Schauspielhaus Graz:

„Heldenplatz“ ohne Pfeffer

Steiermark
11.01.2020 14:27

32 Jahre nachdem es einen der größten Theaterskandale der Nachkriegszeit ausgelöst hat, ist Thomas Bernhards Stück „Heldenplatz“ jetzt erstmals in Graz zu sehen. In der Regie des jungen Franz-Xaver Mayer verliert diese Abrechnung mit den dunklen Seiten der österreichischen Seele aber viel von ihrer Schärfe.

Bernhard zeichnete die Welt in „Heldenplatz“ als „hässlich, durch und durch stumpfsinnig“. Er zeigte, 50 Jahre nach dem Anschluss, Österreich als ein Land, in dem man katholisch oder nationalsozialistisch sein musste, „alles andere wird nicht geduldet“. Doch nicht nur die Ewig-Gestrigen hatte er im Visier, er analysierte auch prophetisch das Scheitern des Sozialismus. Und spielte gekonnt mit Neurosen, die (nicht nur) innerhalb der vertriebenen und zurückgekehrten Familien blühten.

Blühende Neurosen
Gerade Letzteres scheint Mayer zu interessieren, das ist auch der spannende Teil des Abends. Verletzungen, enttäuschte Erwartungen, nicht gelebte Hoffnungen, all das arbeitet er in Korbinian Schmidts schwarz-weißer Bühne fein heraus. Dass er aber das scharf formulierte Politische einen Chor skandieren lässt, nimmt diesem die Schärfe. Und dass er in der Person des Prof. Landauer (Sarah Sophia Meyer), der sich immer wieder mit Tipps zu Sekundärliteratur ans Publikum wendet, so dezidiert, mitunter belehrend auf 1988 und die damalige Politik verweist, schmälert die erschreckende heutige Gültigkeit vieler Sätze.

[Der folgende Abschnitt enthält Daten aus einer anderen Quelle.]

Lemma Cmod_krow_le n1 q sg M : (1 <= q)%nat ->
  Cmod (krow n1 q sg (Z.of_nat M)) <= krow_bound n1 q sg.
Proof.
  intros Hq. rewrite (krow_mod n1 q sg (Z.of_nat M) (Z.of_nat (M mod q))); [|assumption|].
  2:{ rewrite Nat2Z.inj_mod. exists (Z.of_nat M / Z.of_nat q)%Z.
      pose proof (Z.div_mod (Z.of_nat M) (Z.of_nat q)). lia. }
  apply (rsum_ge_term _ (fun r => Cmod (krow n1 q sg (Z.of_nat r)))); [intros; apply Cmod_ge_0|].
  apply in_seq. pose proof (Nat.mod_upper_bound M q). lia.
Qed.

End KloostermanRow.

(** * The right-hand side as a Dirichlet-type series *)

Section RightHandSide.

Variable A : nat -> nat -> C.
Hypothesis HA : HeckeMaassCoeffs A.
Variable l : nat.
Hypothesis hl : (1 <= l)%nat.
Variables w1 w2 : C.
Hypothesis hu1 : Re w1 < 0.
Hypothesis hu2 : Re w2 < 0.
Variable sg : Z.

Definition rhs_term (n1 i : nat) : C :=
  (cpow (INR (S i)) (w1 - 1) * cpow (INR n1) (2 * w2 - 1) *
   krow A w2 n1 (l / n1) sg (Z.of_nat (S i)))%C.

Definition rhs_coeff (M : nat) : C :=
  (cpow (INR l) (1 - w1 - w2) *
   csum (divisors l) (fun n1 =>
     cpow (INR M) (w1 - 1) * cpow (INR n1) (2 * w2 - 1) * krow A w2 n1 (l / n1) sg (Z.of_nat M)))%C.

Lemma Cmod_rhs_term_le n1 i : In n1 (divisors l) ->
  Cmod (rhs_term n1 i) <=
  Rpower (INR (S i)) (Re w1 - 1) *
  (Cmod (cpow (INR n1) (2 * w2 - 1)) * krow_bound A w2 n1 (l / n1) sg).
Proof.
  intros Hn1. unfold rhs_term. rewrite !Cmod_mult, Cmod_cpow_sub_1, Rmult_assoc.
  apply Rmult_le_compat_l; [left; apply exp_pos|].
  apply Rmult_le_compat_l; [apply Cmod_ge_0|].
  apply Cmod_krow_le. now apply divisor_div_ge1.
Qed.

Lemma ex_series_Cmod_rhs_term n1 : In n1 (divisors l) ->
  ex_series (fun i => Cmod (rhs_term n1 i)).
Proof.
  intros Hn1.
  apply (ex_series_le (V := R_CompleteNormedModule) _ (fun i => scal
    (Cmod (cpow (INR n1) (2 * w2 - 1)) * krow_bound A w2 n1 (l / n1) sg)
    (Rpower (INR (S i)) (Re w1 - 1)))).
  - intros i. change (Rabs (Cmod (rhs_term n1 i)) <=
      Cmod (cpow (INR n1) (2 * w2 - 1)) * krow_bound A w2 n1 (l / n1) sg
      * Rpower (INR (S i)) (Re w1 - 1)).
    rewrite Rabs_pos_eq by apply Cmod_ge_0.
    rewrite Rmult_comm. now apply Cmod_rhs_term_le.
  - apply (ex_series_scal (V := R_NormedModule)). apply ex_series_Rpower. lra.
Qed.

Florian Köhler als Frau Zittel: eine Glanzleistung (Bild: Karelly/Lamprecht)
Florian Köhler als Frau Zittel: eine Glanzleistung

Vertauschte Rollen
Wieder werden die Geschlechter vertauscht, was dem Stück jedoch keine zusätzliche Farbe gibt - auch wenn Florian Köhler als Haushälterin Frau Zittel in perfekter Maske (Kostüme: Michela Flück) nicht nur sprechtechnisch eine Glanzleistung abliefert. Viel schwerer tut sich da Julia Franz Richter als grantelnder alter Professor Robert, der Bruder des freiwillig aus dem Leben Geschiedenen. Nur selten erreicht ihre Klage Bernhard’sche Intensität. Evamaria Salcher als herrische Tochter Anna und Oliver Chomik als ihre schweigsame Schwester Olga liefern ebenso gediegene Leistungen wie Fredrik Jan Hofmann als Sohn, Franz Solar als Prof. Liebig und Raphael Muff als Hausmädchen. Kurz und souverän der Auftritt von Julia Gräfner als Witwe. Gegen Ende geht der lind gewürzten Produktion die Luft aus. Eine ordentliche Prise Pfeffer hätte nicht geschadet.